- Location: 6 miles (9.7 km) east-southeast of Gilroy in San Benito County, California
- Coordinates: 36°58′49″N 121°27′44″W﻿ / ﻿36.9803913°N 121.4622846°W
- Type: Tectonic lake
- Primary inflows: Pacheco Creek
- Max. length: 0.6 miles (0.97 km)
- Max. width: 0.3 miles (0.48 km)
- Max. depth: 18 feet (5.5 m)
- Surface elevation: 144 feet (44 m)

= San Felipe Lake =

Lake in San Benito County, California

San Felipe Lake is a perennial natural lake located in the southern Santa Clara Valley, almost wholly in northern San Benito County with its western edge on the border with Santa Clara County, California. The lake is a critical wetland, rare plant, and wildlife resource in need of additional conservation and enhancement.

San Felipe Lake is the terminus of Pacheco Creek, which drains the western slope of California's Diablo Range. Its outflows once formed the beginning of the Pajaro River through a series of meandering sloughs and wetlands, but now flow through the Miller Canal, constructed in 1874, to the upper reaches of the river. The Pajaro River, in turn, conveys its waters ultimately to Monterey Bay and the Pacific Ocean.

== History ==
San Felipe Lake's primary tributary, Pacheco Creek, was also known as Arroyo de San Felipe The San Felipe name is preserved in the names of Spanish land grants, Rancho Ausaymas y San Felipe and to the south Rancho Bolsa de San Felipe, both given to Don Francisco Pérez Pacheco in 1833 and 1840, respectively.

San Felipe Lake was also known historically as Soap Lake. However, Soap Lake is a much larger depression or floodplain between the Sargent Hills of the southern Santa Cruz Mountains and the Upper Pajaro River, including San Felipe Lake. The Soap Lake Floodplain was historically a mix of seasonal and perennial, fresh and saline wetlands connected by swales and sloughs. Soap Lake plays an important role in attenuating flood peaks on the Pajaro River.

== Watershed ==
San Felipe Lake is a sag pond dammed by the fault scarp of the Calaveras Fault, which runs along the western shoreline of the lake. The lake is approximately 0.3 mi wide and 0.6 mi long, with a surface area of 0.12 sqmi, but is estimated to be less than 50-60% of its original summer size since construction of the outflows to the Miller Canal.

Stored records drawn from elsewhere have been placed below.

(* Consider the sub-$\ell^\infty$ structure on $\mathbb{R}^3$ defined by $X_1=\partial_x+y^2\partial_z$, $X_2=\partial_y$. If an extremal pair $(\lambda,\gamma)$ restricted to an open interval $I$ is an abnormal arc and $\gamma$ is not constant on $I$, then $\gamma(I)$ is contained in a line $\{y=0,\ z=z_0\}$ for some $z_0\in\mathbb{R}$. Conversely, every admissible trajectory contained in such a line admits an extremal lift whose restriction to its whole domain is an abnormal arc.
   Context: Sub-$\ell^\infty$ structure defined by smooth vector fields $X_1,\dots,X_k$ on a manifold $M$: an admissible trajectory is an absolutely continuous curve $\gamma:[0,T]\to M$ together with a measurable control $u=(u_1,\dots,u_k):[0,T]\to\mathbb{R}^k$ with $|u_i(t)|\le1$ for all $i$ and a.e. $t$, such that $\dot\gamma(t)=\sum_i u_i(t)X_i(\gamma(t))$ for a.e. $t$. An extremal pair is a pair $(\lambda,\gamma)$ where $\gamma$ is admissible with control $u$ and $\lambda:[0,T]\to T^*M$ is absolutely continuous with $\lambda(t)\in T^*_{\gamma(t)}M\setminus\{0\}$, such that, with $\mathcal H(\lambda,p,u)=\sum_i u_i\langle\lambda,X_i(p)\rangle$, in canonical coordinates $\dot\lambda=-\partial_p\mathcal H(\lambda,\gamma,u)$, $\dot\gamma=\partial_\lambda\mathcal H(\lambda,\gamma,u)$ a.e., and there is a constant $\lambda_0\ge0$ with $\sum_iu_i(t)\langle\lambda(t),X_i(\gamma(t))\rangle=\sum_i|\langle\lambda(t),X_i(\gamma(t))\rangle|=\lambda_0$ for a.e. $t$; $\gamma$ is then an extremal trajectory and $\lambda$ an extremal lift. The switching functions are $\varphi_j(t)=\langle\lambda(t),X_j(\gamma(t))\rangle$. The restriction of an extremal pair to an open interval $I$ is an abnormal arc if $\varphi_j\equiv0$ on $I$ for all $j=1,\dots,k$. *)

From Stdlib Require Import Reals Lra Lia.
Open Scope R_scope.

(* Points / covectors of R^n are represented as nat -> R (coordinates j < n). *)
Definition pt := nat -> R.

Fixpoint rsum (m : nat) (f : nat -> R) : R :=
  match m with O => 0 | S m' => rsum m' f + f m' end.

Definition pairing (n : nat) (l v : pt) : R := rsum n (fun j => l j * v j).

Definition upd (p : pt) (j : nat) (s : R) : pt :=
  fun i => if Nat.eqb i j then s else p i.

Definition negligible (N : R -> Prop) : Prop :=
  forall eps, 0 < eps -> exists c d : nat -> R,
    (forall i, c i <= d i) /\
    (forall x, N x -> exists i, c i < x < d i) /\
    (forall m, rsum m (fun i => d i - c i) < eps).

Definition ae_on (a b : R) (P : R -> Prop) : Prop :=
  negligible (fun t => a <= t <= b /\ ~ P t).

Definition abs_cont (f : R -> R) (a b : R) : Prop :=
  forall eps, 0 < eps -> exists delta, 0 < delta /\
    forall (m : nat) (c d : nat -> R),
      (forall i, (i < m)%nat -> a <= c i /\ c i <= d i /\ d i <= b) ->
      (forall i j, (i < m)%nat -> (j < m)%nat -> i <> j ->
                   d i <= c j \/ d j <= c i) ->
      rsum m (fun i => d i - c i) < delta ->
      rsum m (fun i => Rabs (f (d i) - f (c i))) < eps.

(* Sub-l^infty structure on R^n given by k vector fields X 0, ..., X (k-1). *)

Definition admissible (n k : nat) (X : nat -> pt -> pt) (T : R)
  (gamma : R -> pt) (u : R -> nat -> R) : Prop :=
  (forall j, (j < n)%nat -> abs_cont (fun t => gamma t j) 0 T) /\
  ae_on 0 T (fun t => forall i, (i < k)%nat -> Rabs (u t i) <= 1) /\
  ae_on 0 T (fun t => forall j, (j < n)%nat ->
     derivable_pt_lim (fun s => gamma s j) t
       (rsum k (fun i => u t i * X i (gamma t) j))).

Definition Ham (n k : nat) (X : nat -> pt -> pt) (l p : pt) (w : nat -> R) : R :=
  rsum k (fun i => w i * pairing n l (X i p)).

Definition extremal_pair (n k : nat) (X : nat -> pt -> pt) (T : R)
  (lam gamma : R -> pt) (u : R -> nat -> R) : Prop :=
  admissible n k X T gamma u /\
  (forall j, (j < n)%nat -> abs_cont (fun t => lam t j) 0 T) /\
  (forall t, 0 <= t <= T -> exists j, (j < n)%nat /\ lam t j <> 0) /\
  (* lambda' = - d_p H,  gamma' = d_lambda H  (a.e.) *)
  ae_on 0 T (fun t => forall j, (j < n)%nat ->
     (exists dl, derivable_pt_lim (fun s => lam s j) t dl /\
        derivable_pt_lim (fun s => Ham n k X (lam t) (upd (gamma t) j s) (u t))
                         (gamma t j) (- dl)) /\
     (exists dg, derivable_pt_lim (fun s => gamma s j) t dg /\
        derivable_pt_lim (fun s => Ham n k X (upd (lam t) j s) (gamma t) (u t))
                         (lam t j) dg)) /\
  (* maximality condition with constant lambda_0 >= 0 *)
  (exists lam0, 0 <= lam0 /\
     ae_on 0 T (fun t =>
       Ham n k X (lam t) (gamma t) (u t) = lam0 /\
       rsum k (fun i => Rabs (pairing n (lam t) (X i (gamma t)))) = lam0)).

Definition switching (n : nat) (X : nat -> pt -> pt) (lam gamma : R -> pt)
  (j : nat) (t : R) : R := pairing n (lam t) (X j (gamma t)).

Definition abnormal_arc (n k : nat) (X : nat -> pt -> pt) (lam gamma : R -> pt)
  (a b : R) : Prop :=
  forall t, a < t < b -> forall j, (j < k)%nat -> switching n X lam gamma j t = 0.

(* The structure on R^3 (coordinates x = 0, y = 1, z = 2):
   X_1 = d_x + y^2 d_z  (index 0),  X_2 = d_y (index 1). *)
Definition X1 (p : pt) : pt :=
  fun j => match j with 0%nat => 1 | 2%nat => (p 1%nat)^2 | _ => 0 end.
Definition X2 (p : pt) : pt :=
  fun j => match j with 1%nat => 1 | _ => 0 end.
Definition Xex (i : nat) : pt -> pt :=
  match i with 0%nat => X1 | _ => X2 end.

(* Along an abnormal arc both switching functions vanish: lam_y = 0 and
   lam_x + lam_z y^2 = 0, so lam_z <> 0.  The adjoint equations give lam_x and
   lam_z constant and lam_y' = -2 u_1 lam_z y, whence u_1 y = 0 and y^2 is
   constant on the arc.  If y^2 > 0 then u_1 = 0 and, differentiating y^2,
   u_2 = 0, so the arc is constant; otherwise y = 0 and z' = u_1 y^2 = 0.
   Conversely, on a line {y = 0, z = z0} the constant covector dz is an
   extremal lift with vanishing switching functions.
   The analytic input is that an absolutely continuous function whose
   derivative vanishes almost everywhere is constant, proved by a creeping
   argument: the supremum of the points up to which the oscillation of the
   function is controlled cannot lie before the right endpoint. *)

From Stdlib Require Import Reals Lra Lia Classical.
Open Scope R_scope.

Lemma rsum_ext m f g : (forall i, (i < m)%nat -> f i = g i) -> rsum m f = rsum m g.
Proof.
  induction m as [|m IH]; simpl; intros H; [reflexivity|].
  rewrite IH by (intros; apply H; lia). rewrite H by lia. reflexivity.
Qed.

Lemma rsum_le m f g : (forall i, (i < m)%nat -> f i <= g i) -> rsum m f <= rsum m g.
Proof.
  induction m as [|m IH]; simpl; intros H; [lra|].
  assert (IHm := IH (fun i Hi => H i ltac:(lia))). assert (Hm := H m ltac:(lia)). lra.
Qed.

Lemma rsum_zero m : rsum m (fun _ => 0) = 0.
Proof. induction m as [|m IH]; simpl; [reflexivity|]. rewrite IH. ring. Qed.

Lemma rsum_affine m f g a :
  rsum m (fun i => f i + a * g i) = rsum m f + a * rsum m g.
Proof. induction m as [|m IH]; simpl; [ring|]. rewrite IH. ring. Qed.

Lemma rsum_le_widen m m' f : (forall i, 0 <= f i) -> (m <= m')%nat -> rsum m f <= rsum m' f.
Proof.
  intros Hf Hm. induction Hm as [|m' _ IH]; simpl; [lra|]. specialize (Hf m'). lra.
Qed.

Lemma rsum_widen m m' g : (m <= m')%nat -> (forall j, (m <= j)%nat -> g j = 0) ->
  rsum m' g = rsum m g.
Proof. intros Hm Hg. induction Hm as [|m' Hm IH]; simpl; [reflexivity|]. rewrite IH, Hg by lia. ring. Qed.

Lemma rsum_change_one m i g g' : (i < m)%nat -> (forall j, j <> i -> g' j = g j) ->
  rsum m g' = rsum m g + (g' i - g i).
Proof.
  intros Hi H. induction m as [|m IH]; [lia|]. simpl.
  destruct (Nat.eq_dec m i) as [->|Hne].
  - rewrite (rsum_ext i g' g) by (intros; apply H; lia). ring.
  - rewrite IH by lia. rewrite (H m Hne). ring.
Qed.

Definition interleave (f g : nat -> R) (k : nat) : R :=
  if Nat.even k then f (Nat.div2 k) else g (Nat.div2 k).

Lemma interleave_even f g n : interleave f g (2 * n) = f n.
Proof. unfold interleave. rewrite Nat.even_even, Nat.div2_double. reflexivity. Qed.

Lemma interleave_odd f g n : interleave f g (S (2 * n)) = g n.
Proof.
  unfold interleave. rewrite Nat.even_succ, <- Nat.negb_even, Nat.even_even, Nat.div2_succ_double.
  reflexivity.
Qed.

Lemma rsum_interleave m f g : rsum (2 * m) (interleave f g) = rsum m f + rsum m g.
Proof.
  induction m as [|m IH]; simpl; [ring|].
  replace (m + S (m + 0))%nat with (S (2 * m)) by lia. simpl rsum.
  rewrite interleave_odd. replace (m + (m + 0))%nat with (2 * m)%nat by lia.
  rewrite interleave_even, IH. ring.
Qed.

Lemma negligible_union (N1 N2 : R -> Prop) :
  negligible N1 -> negligible N2 -> negligible (fun x => N1 x \/ N2 x).
Proof.
  intros H1 H2 eps He.
  destruct (H1 (eps / 2) ltac:(lra)) as [c1 [d1 [Hcd1 [Hcov1 Hsum1]]]].
  destruct (H2 (eps / 2) ltac:(lra)) as [c2 [d2 [Hcd2 [Hcov2 Hsum2]]]].
  exists (interleave c1 c2), (interleave d1 d2). split; [|split].
  - intros i. unfold interleave. destruct (Nat.even i); auto.
  - intros x [Hx|Hx].
    + destruct (Hcov1 x Hx) as [i Hi]. exists (2 * i)%nat. rewrite !interleave_even. exact Hi.
    + destruct (Hcov2 x Hx) as [i Hi]. exists (S (2 * i)). rewrite !interleave_odd. exact Hi.
  - intros m.
    assert (Hlen : forall i, interleave d1 d2 i - interleave c1 c2 i
                             = interleave (fun i => d1 i - c1 i) (fun i => d2 i - c2 i) i)
      by (intros i; unfold interleave; destruct (Nat.even i); reflexivity).
    apply Rle_lt_trans with (rsum (2 * m) (fun i => interleave d1 d2 i - interleave c1 c2 i)).
    + apply rsum_le_widen; [|lia]. intros i. rewrite Hlen. unfold interleave.
      destruct (Nat.even i); [specialize (Hcd1 (Nat.div2 i))|specialize (Hcd2 (Nat.div2 i))]; lra.
    + rewrite (rsum_ext _ _ _ (fun i _ => Hlen i)), rsum_interleave.
      specialize (Hsum1 m). specialize (Hsum2 m). lra.
Qed.

Lemma negligible_subset (N1 N2 : R -> Prop) :
  (forall x, N2 x -> N1 x) -> negligible N1 -> negligible N2.
Proof.
  intros Hsub H eps He. destruct (H eps He) as [c [d [Hcd [Hcov Hsum]]]].
  exists c, d. auto.
Qed.

Lemma ae_on_impl a b (P Q : R -> Prop) :
  (forall t, a <= t <= b -> P t -> Q t) -> ae_on a b P -> ae_on a b Q.
Proof. intros H. apply negligible_subset. intros x [Hx HQ]. split; auto. Qed.

Lemma ae_on_and a b (P Q : R -> Prop) :
  ae_on a b P -> ae_on a b Q -> ae_on a b (fun t => P t /\ Q t).
Proof.
  intros HP HQ. refine (negligible_subset _ _ _ (negligible_union _ _ HP HQ)).
  intros x [Hx HPQ]. destruct (classic (P x)); [right|left]; tauto.
Qed.

Lemma ae_on_subinterval a b a' b' (P : R -> Prop) :
  a <= a' -> b' <= b -> ae_on a b P -> ae_on a' b' P.
Proof. intros Ha Hb. apply negligible_subset. intros x [Hx HP]. split; [lra|exact HP]. Qed.

Lemma ae_on_everywhere a b (P : R -> Prop) : (forall t, a <= t <= b -> P t) -> ae_on a b P.
Proof.
  intros H eps He. exists (fun _ => 0), (fun _ => 0). split; [intros; lra|split].
  - intros x [Hx HP]. exfalso. exact (HP (H x Hx)).
  - intros m. rewrite (rsum_ext m _ (fun _ => 0)) by (intros; ring). rewrite rsum_zero. exact He.
Qed.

Its primary inflow is from Pacheco Creek, but its other tributaries are Tequisquita Slough and Ortega Creek. Tequisquita Slough, in turn, receives flows from Santa Ana Creek, Arroyo de las Viboras, and Arroyo Dos Picachos.

== Ecology ==
Natural warm, shallow, but perennial lakes are uncommon in California, partly because many have been drained for agriculture. San Felipe Lake hosts runs of the federally threatened South-Central California Coast steelhead trout (Oncorhynchus mykiss) distinct population segment (DPS). However, the lake is likely too warm for steelhead summer rearing although suitable for spring growth before and during steelhead smolt out-migration. A 2009-2010 gill net fish survey found the most common fish were Eurasian carp (Cyprinus carpio), hitch (Lavinia exilicauda), and Sacramento sucker (Catostomus occidentalis); predatory fish included Sacramento pikeminnow (Ptychocheilus grandis), non-native brown bullhead (Ameiurus nebulosus) and non-native largemouth bass (Micropterus salmoides). In 1912, Stanford University ichthyologist John Otterbein Snyder recorded reports of Chinook salmon (Oncorhynchus tschawytscha) in the Pajaro River watershed. More recently, in 2005, two adult Chinook salmon caught in and released from San Felipe Lake, although these may have been fall-run Central Valley Chinook salmon from hatchery fish released into Monterey Bay.

San Felipe Lake, which is the central feature of the "Bolsa de San Felipe", is designated as a "California Important Bird Area" by the National Audubon Society. The Bolsa is a crossroads for birds migrating between San Francisco Bay to the north, Monterey Bay to the west and the Central Valley to the east. The Bolsa is also identified by the National Audubon Society as a "bird vagrant trap", a site where bird species far outside of their normal range appear.

Only portions of San Felipe Lake are protected by conservation easement, and new land management conservation easements, rather than limited agricultural easements, are needed to protect habitat for rare species. The current management of natural areas surrounding San Felipe Lake is geared towards ranching and agriculture, which is associated with unnaturally-timed summer water releases, discing (for agriculture), cattle trampling and soil compaction, that negatively impacts the fragile wetlands and adjacent alkaline grassland that fringe San Felipe Lake and its flood plain.